Ale nie przedłużajmy...

"Nasze bratnie dusze" Justyny Chmiel to krótki wycinek z życia dwójki przyjaciół. Przyjaciół, którzy są bratnimi duszami, świetnie się dogadują, doskonale czują w swoim towarzystwie, ale... Nadchodzi pewna noc. Noc spadających gwiazd. Co się wtedy wydarzyło musicie odkryć sami, bo z pewnością nie dowiecie się tego ode mnie. Opowiadanie czytało mi się bardzo dobrze, wzajemne przekomarzania dwójki bohaterów były bardzo naturalne, a moja romantyczna strona natury została mile połechtana. Do autorki mam cztery słowa komentarza: tak się nie godzi. No nie godzi się i już, zostawiać czytelnika w takim momencie. No jak to tak? Ale świetne to było. Naprawdę. 

***

Co zainspirowało Justynę Chmiel do stworzenia właśnie tego konkretnego tekstu?

"Pisząc to opowiadanie nie inspirowałam się niczym szczególnym, ale bardzo pomogła mi muzyka; od zawsze słuchając ulubionych piosenek wyobrażam sobie jak mógłby wyglądać alternatywny teledysk. „Nasze bratnie dusze” jest więc „wynikiem” kilku,  bliskim memu sercu, utworów."

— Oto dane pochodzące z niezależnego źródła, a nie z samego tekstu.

Lemma half_twice x : half x + half x = x.
Proof.
rewrite -scalerDl -rmorphD.
have -> : (2^-1 + 2^-1 : R) = 1 by field.
by rewrite rmorph1 scale1r.
Qed.

Lemma halfB x y : half x - half y = half (x - y).
Proof. by rewrite /half scalerBr. Qed.

Lemma half_double x : half (x + x) = x.
Proof. by rewrite /half scalerDr half_twice. Qed.

Lemma nrm_star x : nrm (star x) = nrm x.
Proof.
have nrm_le_star y : nrm y <= nrm (star y).
  have := nrmM (star y) y; rewrite (cs_cstar_id HA) expr2.
  have [->|y_neq0] := eqVneq (nrm y) 0; first by rewrite nrm_ge0.
  by rewrite ler_pM2r // lt_def y_neq0 nrm_ge0.
by apply/eqP; rewrite eq_le nrm_le_star -{2}(starK x) nrm_le_star.
Qed.

Lemma nrm_mul_star x : nrm (x * star x) = nrm x ^+ 2.
Proof. by rewrite mulrC (cs_cstar_id HA). Qed.

Lemma nrm_sqr_herm h : hermitian h -> nrm (h * h) = nrm h ^+ 2.
Proof. by move=> hh; rewrite -{2}hh nrm_mul_star. Qed.

Lemma nrm1 : nrm 1 = 1.
Proof.
have /eqP := nrm_mul_star 1; rewrite star1 mulr1 expr2 -subr_eq0.
rewrite -{1}(mulr1 (nrm 1)) -mulrBr mulf_eq0 subr_eq0 => /orP[/eqP/(cs_nrm_eq0 HA)|].
  by move/eqP; rewrite oner_eq0.
by rewrite eq_sym => /eqP.
Qed.

Lemma nrm_real1 (r : R) : 0 <= r -> nrm (r%:C *: 1) = r.
Proof. by move=> r_ge0; rewrite nrm_realZ nrm1 mulr1 ger0_norm. Qed.

Lemma nrm_sub_le_eps_eq x y (C : R) : 0 <= C ->
  (forall e, 0 < e -> nrm (x - y) <= C * e) -> x = y.
Proof.
move=> C_ge0 small; apply/eqP; rewrite -subr_eq0; apply/eqP/(cs_nrm_eq0 HA).
by apply/eqP; rewrite eq_le nrm_ge0 andbT (le0_mul_eps C_ge0 small).
Qed.

Lemma mul_cartesian_conj (h k : A) :
  (h + ('i : R[i]) *: k) * (h - ('i : R[i]) *: k) = h * h + k * k.
Proof.
rewrite mulrDl !mulrBr -!scalerAl -!scalerAr scalerA mulCii scaleN1r [k * h]mulrC.
by rewrite opprK addrA subrK.
Qed.

Lemma star_cartesian (h k : A) : hermitian h -> hermitian k ->
  star (h + ('i : R[i]) *: k) = h - ('i : R[i]) *: k.
Proof. by move=> hh hk; rewrite starD star_iZ hh hk. Qed.

Lemma nrm_re_le (h k : A) : hermitian h -> hermitian k ->
  nrm h <= nrm (h + ('i : R[i]) *: k).
Proof.
move=> hh hk; set z := h + 'i *: k.
have <- : half (z + star z) = h.
  by rewrite star_cartesian // addrACA subrr addr0 half_double.
by rewrite nrm_half ler_pdivrMr // mulr2n mulrDr mulr1 (le_trans (nrmD _ _)) ?nrm_star.
Qed.

Lemma nrm_im_le (h k : A) : hermitian h -> hermitian k ->
  nrm k <= nrm (h + ('i : R[i]) *: k).
Proof.
move=> hh hk.
have <- : nrm (k + 'i *: (- h)) = nrm (h + 'i *: k).
  rewrite -[RHS]nrm_iZ -[RHS]nrmN scalerDr scalerA mulCii scaleN1r.
  by rewrite opprD opprK scalerN addrC.
by apply: nrm_re_le; rewrite // /hermitian starN hh.
Qed.

Lemma cartesian_decomposition (z : A) :
  exists h k, [/\ hermitian h, hermitian k & z = h + ('i : R[i]) *: k].
Proof.
exists (half (z + star z)), (- ('i *: half (z - star z))); split.
- by rewrite /hermitian star_half starD starK addrC.
- rewrite /hermitian starN star_iZ opprK star_half starB starK.
  by rewrite -[star z - z]opprB /half !scalerN.
- rewrite scalerN scalerA mulCii scaleN1r opprK /half -scalerDr.
  by rewrite addrACA subrr addr0; exact: (esym (half_double z)).
Qed.

Lemma nrm_sqr_le_add_sqr (h k : A) : hermitian h -> hermitian k ->
  nrm (h * h) <= nrm (h * h + k * k).
Proof.
move=> hh hk; rewrite -mul_cartesian_conj -star_cartesian // nrm_mul_star.
by rewrite nrm_sqr_herm // lerXn2r ?nnegrE ?nrm_ge0 ?nrm_re_le.
Qed.

Definition hermitian_square (a : A) := exists w, hermitian w /\ w * w = a.

Definition nrm_cauchy (y : nat -> A) := forall e : R, 0 < e ->
  exists N, forall m k, (N <= m)%N -> (N <= k)%N -> nrm (y m - y k) < e.

Definition nrm_cvg (y : nat -> A) (l : A) := forall e : R, 0 < e ->
  exists N, forall m, (N <= m)%N -> nrm (y m - l) < e.

Lemma nrm_telescope_le (y : nat -> A) (q : R) : q < 1 ->
    (forall k, nrm (y k.+1 - y k) <= q ^+ k) ->
  forall k j, (1 - q) * nrm (y (k + j)%N - y k) <= q ^+ k - q ^+ (k + j).
Proof.
move=> q_lt1 step k; elim=> [|j IH]; first by rewrite addn0 !subrr nrm0 mulr0.
have := nrmD (y (k + j).+1 - y (k + j)%N) (y (k + j)%N - y k).
rewrite addrA subrK addnS exprS.
have := step (k + j)%N; have : 0 < 1 - q by rewrite subr_gt0.
nra.
Qed.

Lemma nrm_cauchy_geometric (y : nat -> A) (q : R) : 0 <= q -> q < 1 ->
  (forall k, nrm (y k.+1 - y k) <= q ^+ k) -> nrm_cauchy y.
Proof.
move=> q_ge0 q_lt1 step e e_gt0.
have q1_gt0 : 0 < 1 - q by rewrite subr_gt0.
have e2_gt0 : 0 < e / 2 by rewrite divr_gt0.
have [N qN_lt] := exists_expr_lt q_ge0 q_lt1 (mulr_gt0 q1_gt0 e2_gt0).
have near_N j : nrm (y (N + j)%N - y N) < e / 2.
  rewrite -(ltr_pM2l q1_gt0).
  have := nrm_telescope_le q_lt1 step N j; have := exprn_ge0 (N + j) q_ge0.
  lra.
exists N => m k N_le_m N_le_k.
have -> : y m - y k = (y (N + (m - N))%N - y N) - (y (N + (k - N))%N - y N).
  by rewrite !subnKC // opprB addrA subrK.
have := nrmB (y (N + (m - N))%N - y N) (y (N + (k - N))%N - y N).
have := near_N (m - N)%N; have := near_N (k - N)%N.
lra.
Qed.

Lemma nrm_cvg_herm (y : nat -> A) l :
  (forall k, hermitian (y k)) -> nrm_cvg y l -> hermitian l.
Proof.
move=> y_herm y_l; apply: (@nrm_sub_le_eps_eq _ _ 2) => // e e_gt0.
have [N yN_l] := y_l e e_gt0.
have -> : star l - l = star (l - y N) + (y N - l) by rewrite starB y_herm addrA subrK.
apply: le_trans (nrmD _ _) _; rewrite nrm_star -nrmN opprB.
by have := yN_l N (leqnn N); lra.
Qed.

Section SquareRoot.
Variable u : A.
Hypotheses (u_herm : hermitian u) (u_lt1 : nrm u < 1).

(* The limit l of this iteration solves l = (u + l^2)/2, i.e. (1 - l)^2 = 1 - u;
   the map is a contraction on the ball of radius nrm u < 1. *)
Fixpoint sqrt_seq k :=
  if k is k'.+1 then half (u + sqrt_seq k' * sqrt_seq k') else 0.

Lemma sqrt_seqS k : sqrt_seq k.+1 = half (u + sqrt_seq k * sqrt_seq k).
Proof. by []. Qed.

Lemma sqrt_seq_herm k : hermitian (sqrt_seq k).
Proof.
elim: k => [|k IH]; first exact: star0.
by rewrite /hermitian sqrt_seqS star_half starD starM IH u_herm.
Qed.

Lemma sqrt_seq_le k : nrm (sqrt_seq k) <= nrm u.
Proof.
elim: k => [|k IH]; first by rewrite nrm0 nrm_ge0.
rewrite sqrt_seqS nrm_half.
have := ler_pM (nrm_ge0 _) (nrm_ge0 _) IH IH.
have := ler_piMl (nrm_ge0 u) (ltW u_lt1).
have := nrmD u (sqrt_seq k * sqrt_seq k); have := nrmM (sqrt_seq k) (sqrt_seq k).
lra.
Qed.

Wspomniane przez Justynę utwory to:

Train — drops of jupiter 

Coldplay — yellow 

Armor for sleep — lullaby 

Paramore — the only exception

***




*** *** ***

Maria Chudziak i jej "Podręcznik (nie)wiedzy" zabiera czytelnika do przyszłości. Przyszłości doskonale wykreowanej, przemyślanej, niezwykle barwnej (w mojej głowie ciągle tkwi obraz miasta, w którym dominują szkło, chrom i pastele - nie pytajcie dlaczego tak, moja wyobraźnia działa sobie jak chce). Styl jakim jest napisane opowiadanie odpowiada moim gustom w stu procentach. Jest lekko, zabawnie, ale i dynamicznie. No czego chcieć więcej.

***

Zapytana o swoją inspirację, Maria Chudziak odpowiedziała mi tak:

Pamiętam, że mój pomysł na opowiadanie nie przyszedł od razu, a ponieważ muzyka mnie bardzo inspiruje, tam zaczęłam szukać. Zanurkowałam w głębiny youtube i skleiłam składankę "Wiedźma", która miała oddawać klimat tego, co chciałam napisać. Katowałam ją i katowałam, aż wkrótce przed moimi oczami zaczął powstawać kolorowy świat przyszłości z "Podręcznika (nie)wiedzy".